Three men who are mutual enemies decide to settle things with a shootout. Al is a poor shot only hitting his target 1/3 of the time. Bob hits his target 2/3 of the time and Charlie hits what he aims at 100% of the time.  To even the odds a bit, Al is given first shot. Bob is next, if he's still alive. He's followed by Charlie, if he's still alive. They will continue shooting like this, in this order, until two of them are dead.

The question is: At whom should Al aim his first shot to maximize his chances of surviving?

Background & Techniques

This problem was borrowed from a recent Puzzler on the Car Talk radio program available here.  When math skills fail, programming skills can (sometimes) save the day.   That was the case here.  I decided to simulate lots of shootouts under various strategies and empirically find the best one.   The most obvious plan would be to shoot at the guy most likely to kill you.  The only other two plans I could think of were to shoot at the fellow least apt to kill you, and to choose your target randomly, as if you did not know  the accuracy statistics of each shooter.   It turns out that there is a fourth, the winning, strategy, as I found when I checked Car Talk's solution.   So I added that choice a well, but I won't  describe it here (in case you want to work on the problem on your own first).

The program allows you to select a strategy, then click a button to conduct 1,000,000 shootouts and display the results.    The shot-by-shot results  are displayed for the first 100 contests.  Each contest has each shooter in turn apply the  chosen strategy to select a target,  then record a "hit" based on that shooters probability of hitting his target.   (For example, for Al's accuracy score of  1/3, we generate a random  real number between 0 and 1 and record a hit if the number is less than 0.3333.  This technique is called a "Monte Carlo" simulation.)      

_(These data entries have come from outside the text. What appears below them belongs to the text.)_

Section L0_dual.
Context (d : measure_display) (T : measurableType d) (R : realType).
Context (P : probability T R).
Context (K : comNzRingType) (kabs : K -> R) (kmeas : (T -> K) -> Prop).
Context (ofR : R -> K).
Hypothesis kabsD : forall a b, kabs (a + b) <= kabs a + kabs b.
Hypothesis kabsM : forall r a, kabs (ofR r * a) = `|r| * kabs a.
Hypothesis kabs0 : kabs 0 = 0.
Hypothesis kabs1 : kabs 1 = 1.
Hypothesis kabs_ge0 : forall a, 0 <= kabs a.
Hypothesis kmeasB : forall f g, kmeas f -> kmeas g -> kmeas (f \- g).
Hypothesis kmeasR : forall g, measurable_fun setT g -> kmeas (ofR \o g).
Hypothesis kmeas_abs : forall h, kmeas h -> measurable_fun setT (kabs \o h).

Lemma kabsR r : kabs (ofR r) = `|r|.
Proof. by rewrite -[ofR r]mulr1 kabsM kabs1 mulr1. Qed.

Section module_hom.
Context {E : zmodType} {M : L0_module P kmeas E} {f : E -> T -> K}.
Hypothesis homf : L0_module_hom M f.

Lemma L0_hom0 : {ae P, forall w, f 0 w = 0}.
Proof.
have [_ [fD _]] := homf; apply: filterS (fD 0 0) => w /=; rewrite addr0 => f0w.
by apply: (addrI (f 0 w)); rewrite addr0 -f0w.
Qed.

Lemma L0_hom_scaleR x {g : T -> R} : measurable_fun setT g ->
  {ae P, forall w, kabs (f (scale M (ofR \o g) x) w) = `|g w| * kabs (f x w)}.
Proof.
have [_ [_ fZ]] := homf => mg.
by apply: filterS (fZ _ x (kmeasR _ mg)) => w /= ->; rewrite kabsM.
Qed.

End module_hom.

Section seminorms.
Context (E : zmodType) (M : RLC_module P kabs kmeas E).

Lemma nrmQ_ge0 (Q : seq (rlc_idx M)) x w : 0 <= nrmQ Q x w.
Proof.
rewrite /nrmQ; elim: Q => [|i Q IH]; first by rewrite big_nil.
by rewrite big_cons le_max IH orbT.
Qed.

Lemma measurable_nrmQ (Q : seq (rlc_idx M)) x : measurable_fun setT (nrmQ Q x).
Proof.
rewrite /nrmQ; elim: Q => [|i Q IH].
  by under eq_fun do rewrite big_nil; exact: measurable_cst.
under eq_fun do rewrite big_cons.
by apply: measurable_maxr => //; have [] := rlc_seminorm i.
Qed.

Lemma le_nrmQ_catl (Q1 Q2 : seq (rlc_idx M)) x w :
  nrmQ Q1 x w <= nrmQ (Q1 ++ Q2) x w.
Proof.
rewrite /nrmQ; elim: Q1 => [|i Q1 IH] /=; first by rewrite big_nil nrmQ_ge0.
by rewrite !big_cons ge_max !le_max lexx IH orbT.
Qed.

Lemma le_nrmQ_catr (Q1 Q2 : seq (rlc_idx M)) x w :
  nrmQ Q2 x w <= nrmQ (Q1 ++ Q2) x w.
Proof.
elim: Q1 => [//|i Q1 IH] /=; rewrite /nrmQ big_cons.
by apply: le_trans IH _; rewrite le_max lexx orbT.
Qed.

Lemma le_nrmQ_flatten n (Q : 'I_n -> seq (rlc_idx M)) (r : seq 'I_n) i x w :
  i \in r -> nrmQ (Q i) x w <= nrmQ (flatten [seq Q j | j <- r]) x w.
Proof.
elim: r => [//|j r IH]; rewrite inE /= => /orP[/eqP->|ir].
  exact: le_nrmQ_catl.
exact: le_trans (IH ir) (le_nrmQ_catr _ _ _ _).
Qed.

  Non-programmers are welcome to read on, but may want to skip to the bottom of this page to download executable version of the program.

Programmer's Notes:

The program defines a shooter record, TShooterRec, for each participant.  The record contains the constant information about the shooter (name and accuracy score), information about his current status within a game (whether alive or not), and  his total statistics for this set of shootouts (number of wins and number of hits).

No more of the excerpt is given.